The close linkage and sequence stability of the UL146-UL147A ORFs led to the investigation of potential splicing and temporal expression of transcripts from this region. Analysis of RT-PCR products revealed a single large transcript that contained not only the UL146-UL147A ORFs but also the downstream UL148 and UL132 ORFs. The RT-PCR sequences showed no evidence of spliced transcripts. Northern analysis identified a dominant large 3.7 kb transcript that hybridized with riboprobes representing all 5 ORFs, and also identified 5 other transcripts ranging in size from approximately 1.0 to 3.1 kb that hybridized with riboprobes from one or more of the ORFs. UL146 sequences were only detected on the largest transcript (3.7 kb), and UL132 sequences were detected on all transcripts. The transcripts represent different temporal classes as determined by the time of expression post-infection and by the effect of foscarnet on that expression. Based on size and hybridization patterns, UL146 appears to be expressed only from the large 3.7 kb transcript, which has early-late kinetics. UL147 is likely expressed from the 3.1 kb transcript, which has true late kinetics. These results are slightly different from earlier microarray analysis of HCMV transcriptional expression based on the Towne strain , which indicated that UL146 (UL152 in Towne) and UL147 have similar early-late kinetics. The discrepancies likely result from the inability of microarray analysis to distinguish overlapping transcripts. Penfold et al.  reported that the UL146 protein is expressed with true late kinetics as shown by foscarnet inhibition, but no transcriptional analysis was reported. However, early-late transcriptional expression is compatible with the potential timing of chemokine activity that would likely play a role in pathogenesis after viral replication.

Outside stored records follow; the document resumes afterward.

Lemma integral_pot_le_mass (m nu : {finite_measure set (Borel rho) -> \bar R}) (K : R) :
  (0 <= K)%R -> (forall y z, G y z <= K%:E * G z y) -> (forall y, pot G m y <= 1) ->
  \int[m]_y pot G nu y <= K%:E * nu setT.
Proof.
move=> K0 hsym hm; case: hG => _ mG.
have G2_ge0 p : 0 <= G p.1 p.2 by [].
have -> : \int[m]_y pot G nu y = \int[m \x nu]_p G p.1 p.2.
  by rewrite (fubini_tonelli1 _ mG G2_ge0).
rewrite (fubini_tonelli2 _ mG G2_ge0) -integral_cst //.
apply: ge0_le_integral => //.
- by move=> z _; apply: integral_ge0.
- exact: (@measurable_fun_fubini_tonelli_G _ _ _ _ _ m _ mG G2_ge0).
- move=> z _; rewrite /fubini_G /=.
  apply: (@le_trans _ _ (\int[m]_y (K%:E * G z y))).
    apply: ge0_le_integral => //; first exact: (measurable_fun_pair1 (z : Borel rho) mG).
    by apply: measurable_funeM; exact: measurable_kernel2.
  rewrite ge0_integralZl //; last exact: measurable_kernel2.
  by rewrite -[leRHS]mule1 lee_wpmul2l ?lee_fin //; exact: hm.
Qed.

Lemma cap_le_mass (nu : {finite_measure set (Borel rho) -> \bar R}) (A : set X) (K : R) :
  measurable (A : set (Borel rho)) -> (0 <= K)%R ->
  (forall y z, G y z <= K%:E * G z y) -> (forall y, A y -> 1 <= pot G nu y) ->
  cap rho G A <= K%:E * nu setT.
Proof.
move=> mA K0 hsym hA; apply: ge_ereal_sup => _ [m [mA0 hm] <-].
apply: le_trans (integral_pot_le_mass nu K0 hsym hm); rewrite -[leLHS]mul1e.
rewrite -integral_cst //; apply: ae_ge0_le_integral => //.
- by move=> y _; apply: integral_ge0.
- exact: measurable_pot.
- by apply: ae_carrier mA mA0 _ => y /hA.
Qed.

Lemma cap_ge0 (A : set X) : 0 <= cap rho G A.
Proof.
apply: ereal_sup_ubound; exists mzero => //; split => // y.
by rewrite /pot integral_measure_zero.
Qed.

End potential.

Section comparison_function.
Variables (R : realType) (X : pointedType) (rho : X -> X -> R) (G : X -> X -> \bar R).
Variables (g : R -> \bar R) (c cD M0 alpha0 : R).
Hypothesis hG2 : G2 rho G g c cD M0 alpha0.

Lemma g_le s t : 0 <= s -> s <= t -> (g t <= g s)%E.
Proof.
case: hG2 => [[g_dec _ _] _ _ _ _] s0; rewrite le_eqVlt => /predU1P[->//|st].
exact/ltW/g_dec.
Qed.

Lemma g_fineK t : 0 < t -> g t = (fine (g t))%:E.
Proof.
case: hG2 => [[g_dec _ g_gt0] _ _ _ _] t0; rewrite fineK // ge0_fin_numE.
  exact: lt_le_trans (g_dec 0 t (lexx _) t0) (leey _).
exact/ltW/g_gt0/ltW.
Qed.

Lemma fine_g_gt0 t : 0 < t -> 0 < fine (g t).
Proof. by case: hG2 => [[_ _ g_gt0] _ _ _ _] t0; rewrite -lte_fin -g_fineK ?g_gt0 ?ltW. Qed.

Lemma fine_g_le s t : 0 < s -> s <= t -> fine (g t) <= fine (g s).
Proof.
move=> s0 st; rewrite -lee_fin -!g_fineK //; last exact: lt_le_trans st.
exact/g_le/st/ltW.
Qed.

Lemma fine_g_half t : 0 < t -> fine (g (t / 2)) <= cD * fine (g t).
Proof.
case: hG2 => [_ _ g_half _ _] t0.
by rewrite -lee_fin EFinM -!g_fineK ?divr_gt0 //; exact: g_half.
Qed.

Lemma fine_g_iter n s : 0 < s -> M0 ^+ n * fine (g s) <= fine (g (alpha0 ^+ n * s)).
Proof.
case: hG2 => [_ [_ _ M0_ge1 alpha0_gt0 _] _ g_M0 _] s0.
elim: n => [|n IH]; first by rewrite !expr0 !mul1r.
have ans0 : 0 < alpha0 ^+ n * s by rewrite mulr_gt0 // exprn_gt0.
rewrite exprS -mulrA (le_trans (ler_wpM2l _ IH)) ?(le_trans ler01) //.
rewrite exprS -mulrA -lee_fin EFinM -!g_fineK ?mulr_gt0 ?exprn_gt0 //.
exact: g_M0.
Qed.

(* Two doublings from r/2 to 2r cost cD^2; k contractions by alpha0 gain M0^k. *)
Lemma fine_g_half_le_near (K alpha r : R) (k : nat) :
  0 <= K -> K * cD ^+ 2 <= M0 ^+ k -> 0 < alpha -> alpha <= alpha0 ^+ k -> 0 < r ->
  K * fine (g (r / 2)) <= fine (g (2 * (alpha * r))).
Proof.
move=> K0 hK a0 ak r0.
have r2 : 0 < 2 * r by rewrite mulr_gt0.
have h1 : fine (g (r / 2)) <= cD ^+ 2 * fine (g (2 * r)).
  apply: le_trans (fine_g_half r0) _; rewrite expr2 -mulrA ler_wpM2l //.
    by case: hG2 => [_ [_ cD1 _ _ _] _ _ _]; exact: le_trans ler01 cD1.
  by have := fine_g_half r2; rewrite [2 * r]mulrC mulfK ?pnatr_eq0.
apply: (le_trans (ler_wpM2l K0 h1)); rewrite [leLHS]mulrA.
apply: (le_trans (ler_wpM2r (ltW (fine_g_gt0 r2)) hK)).
apply: (le_trans (fine_g_iter k r2)); apply: fine_g_le; first by rewrite !mulr_gt0.
by rewrite [leRHS]mulrCA ler_pM2l // ler_pM2r.
Qed.

Lemma cap_mball_ge X0 c2 x0 s : G3 rho G g X0 c2 -> X0 x0 -> 0 < s ->
  (s%:E < R0 rho X0 x0)%E ->
  ((c2 * (cD * fine (g (2 * s))))^-1%:E <= cap rho G (mball rho x0 s))%E.
Proof.
case=> c2_ge1 G3_cap x0X0 s_gt0 sR0.
have c2_gt0 : 0 < c2 by exact: lt_le_trans ltr01 c2_ge1.
have gs_gt0 := fine_g_gt0 s_gt0.
apply: le_trans (G3_cap x0 _ x0X0 s_gt0 sR0).
rewrite (g_fineK s_gt0) inver gt_eqF // -EFinM lee_fin invfM ler_pM2l ?invr_gt0 //.
rewrite lef_pV2 ?posrE // ?mulr_gt0 ?fine_g_gt0 ?mulr_gt0 //; last first.
  by case: hG2 => [_ [_ cD1 _ _ _] _ _ _]; exact: lt_le_trans ltr01 cD1.
by have := fine_g_half (mulr_gt0 (ltr0n _ 2) s_gt0); rewrite [_ / 2]mulrC mulKf ?pnatr_eq0.
Qed.

Hypotheses (hrho : is_metric rho) (hG : borel_kernel rho G).

Lemma kernel_quasi_sym y z : (G y z <= (c ^+ 2)%:E * G z y)%E.
Proof.
case: hrho => _ _ rho_sym _; case: hG2 => [_ [c1 _ _ _ _] _ _ G_g].
have c0 : 0 < c by exact: lt_le_trans ltr01 c1.
apply: (le_trans (G_g y z).2); rewrite rho_sym.
apply: le_trans (lee_wpmul2l _ (G_g z y).1); last by rewrite lee_fin exprn_ge0 ?ltW.
by rewrite muleA -EFinM expr2 mulrK ?unitfE ?gt_eqF.
Qed.

Lemma pot_ge_near (nu : {finite_measure set (Borel rho) -> \bar R}) (B : set X) y s :
  measurable (B : set (Borel rho)) -> nu (~` B) = 0%E -> 0 < s ->
  (forall z, B z -> rho y z <= s) -> ((c^-1 * fine (g s))%:E * nu setT <= pot G nu y)%E.
Proof.
case: hG2 => [_ [c1 _ _ _ _] _ _ G_g] mB nB s0 hB.
have c0 : 0 < c by exact: lt_le_trans ltr01 c1.
apply: (pot_ge_mass hG mB nB); first by rewrite mulr_ge0 ?invr_ge0 ?ltW ?fine_g_gt0.
move=> z Bz; apply: le_trans (G_g y z).1; rewrite EFinM -g_fineK //.
apply: lee_wpmul2l; first by rewrite lee_fin invr_ge0 ltW.
by apply: g_le (hB z Bz); case: hrho.
Qed.

Lemma pot_le_far (nu : {finite_measure set (Borel rho) -> \bar R}) (B : set X) y s :
  measurable (B : set (Borel rho)) -> nu (~` B) = 0%E -> 0 < s ->
  (forall z, B z -> s <= rho y z) -> (pot G nu y <= (c * fine (g s))%:E * nu setT)%E.
Proof.
case: hG2 => [_ [c1 _ _ _ _] _ _ G_g] mB nB s0 hB.
have c0 : 0 < c by exact: lt_le_trans ltr01 c1.
apply: (pot_le_mass hG mB nB); first by rewrite mulr_ge0 ?ltW ?fine_g_gt0.
move=> z Bz; apply: (le_trans (G_g y z).2); rewrite EFinM -g_fineK //.
by apply: lee_wpmul2l; [rewrite lee_fin ltW | apply: g_le (hB z Bz); exact: ltW].
Qed.

End comparison_function.

Section balayage.
Variables (R : realType) (X : pointedType) (rho : X -> X -> R).
Variable mu : set X -> X -> {finite_measure set (Borel rho) -> \bar R}.
Hypothesis hmu : balayage_family mu.
Local Open Scope ereal_scope.

Lemma eps_setT_mem (A : set X) y : mclosed rho A -> A y -> eps mu A y setT = 1.
Proof.
case: hmu => _ _ mu_out _ _ cA Ay.
by rewrite /eps mu_out // ?diracT // => /(_ Ay).
Qed.

(* mu_x^(~A) = int mu_y^(~A) d mu_x^V with V = U \ A, and mu_x^V lives on A u ~U,
   where the integrand is 1 on A and at most S off U. *)
Lemma eps_setT_le_hit (A U : set X) x (S : R) :
  mclosed rho A -> mopen rho U -> (0 <= S)%R ->
  (forall y, ~ U y -> eps mu A y setT <= S%:E) ->
  eps mu A x setT <= eps mu (A `|` ~` U) x A + S%:E.
Proof.
case: (hmu) => mu_in mu_le1 _ mu_meas mu_sweep cA oU S0 hS.
have oV : mopen rho (~` (A `|` ~` U)) by rewrite setCU setCK; exact: mopenI.
have VA : ~` (A `|` ~` U) `<=` ~` A by apply: subsetC; exact: subsetUl.
have mA := mclosed_measurable cA.
set P := eps mu (A `|` ~` U) x.
have [f [mf hf fae]] := umeasurable_fun_version P (mu_meas _ _ cA measurableT)
  (fun y => fin_num_measure (mu (~` A) y) setT measurableT).
have f_ge0 y : 0 <= f y by exact: le_trans (measure_ge0 _ _) (hf y).
have AUae : {ae P, forall y, (A `|` ~` U) y}.
  apply: (@ae_carrier _ _ _ P (A `|` ~` U)) => //; last exact: mu_in.
  by apply: measurableU => //; apply: measurableC; exact: mopen_measurable.
rewrite /eps (mu_sweep _ _ x cA oV VA _ measurableT f mf fae).
apply: (@le_trans _ _ (\int[P]_y ((\1_A y)%:E + S%:E))).
  apply: ae_ge0_le_integral => //.
  - by move=> y _; rewrite adde_ge0 // lee_fin.
  - apply: emeasurable_funD; last exact: measurable_cst.
    by apply/measurable_EFinP; exact: measurable_indic.
  - apply: filterS2 fae AUae => y -> [Ay|nUy] _.
      by rewrite (eps_setT_mem cA Ay) indicE mem_set //= lee_fin lerDl.
    by apply: le_trans (hS y nUy) _; rewrite lee_fin lerDr indicE; case: (_ \in _).
rewrite ge0_integralD //; last by apply/measurable_EFinP; exact: measurable_indic.
rewrite integral_indic // setIT integral_cst // leeD2l //.
by rewrite -[leRHS]mule1 lee_wpmul2l ?lee_fin //; exact: mu_le1.
Qed.

End balayage.

Lemma hitting_estimate_arith (R : realFieldType) (c c1 gnear gfar n eB eA p d : R) :
  0 < c -> 0 < c1 -> 0 <= n -> 0 <= gfar ->
  2 * c ^+ 2 * c1 ^+ 2 * gfar <= gnear -> c^-1 * gnear * n <= c1 * eB ->
  eB - d < c1 * eA -> eA <= p + c * gfar * n ->
  gnear * (c ^+ 2 * n) <= 2 * c ^+ 3 * c1 ^+ 2 * p + 2 * c ^+ 3 * c1 * d.
Proof.
move=> c0 c10 n0 gfar0 hg h1 h2 h3.
have e1 : gnear * n <= c * (c1 * eB).
  have -> : gnear * n = c * (c^-1 * gnear * n) by rewrite !mulrA mulfV ?gt_eqF ?mul1r.
  by rewrite ler_pM2l.
have e2 : c1 * eB <= c1 * (c1 * eA + d) by rewrite ler_pM2l //; lra.
have e3 : c1 * eA <= c1 * (p + c * gfar * n) by rewrite ler_pM2l.
have e4 : 2 * c ^+ 2 * c1 ^+ 2 * gfar * n <= gnear * n by apply: ler_wpM2r.
have e5 : gnear * n <= 2 * c * c1 ^+ 2 * p + 2 * c * c1 * d.
  have e6 := ler_wpM2l (ltW c0) (ler_wpM2l (ltW c10) e3).
  have e7 := ler_wpM2l (ltW c0) e2.
  rewrite !exprS !expr0 !mulr1 in e4 *; nra.
have := ler_wpM2l (exprn_ge0 2 (ltW c0)) e5.
rewrite !exprS !expr0 !mulr1; nra.
Qed.

Lemma le_ratio (R : realType) (a w p : \bar R) (K M L : R) :
  0 < K -> 0 < M -> 0 < L -> (0 <= a)%E -> (K%:E * a <= M%:E * p)%E -> (L^-1%:E <= w)%E ->
  ((K / (M * L))%:E * (a / w) <= p)%E.
Proof.
move=> K0 M0 L0 a0 hKa hw.
have w0 : (0 < w)%E by apply: lt_le_trans hw; rewrite lte_fin invr_gt0.
have hKMa : ((K / M)%:E * a <= p)%E.
  have := lee_wpmul2l (_ : (0 <= (M^-1)%:E)%E) hKa.
  rewrite !muleA -!EFinM mulVf ?lt0r_neq0 // mul1e mulrC; apply.
  by rewrite lee_fin invr_ge0 ltW.
rewrite invfM mulrA; apply: le_trans hKMa.
have -> : ((K / M)%:E * a = (K / M / L)%:E * (a * L%:E))%E.
  by rewrite [(a * _)%E]muleC muleA -EFinM divfK ?gt_eqF.
apply: lee_wpmul2l; first by rewrite lee_fin !divr_ge0 ?ltW.
apply: lee_wpmul2l => //; move: w0 hw; case: w => [w||] //= w0 hw.
  by rewrite inver gt_eqF -?lte_fin // lee_fin -(invrK L) lef_pV2 ?posrE ?invr_gt0 // -lee_fin.
by rewrite lee_fin ltW.
Qed.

The northern analysis of the UL146-UL132 ORFs shows a transcriptional pattern and complexity similar to that found in other genomic regions of HCMV including the UL93-UL99 ORFs [38, 39], which have: 1) overlapping transcripts with different 5-prime termini; 2) co-terminal 3' ends; and 3) different temporal expression of the transcripts. The RT-PCR and northern data show a series of transcripts that all include UL132 sequences at the 3' end but vary in the number of upstream ORFs and differ in their temporal expression. The single poly A signal, which is downstream of the UL132 stop codon, supports the possibility of a common 3'-terminus for all of these transcripts [2, 5].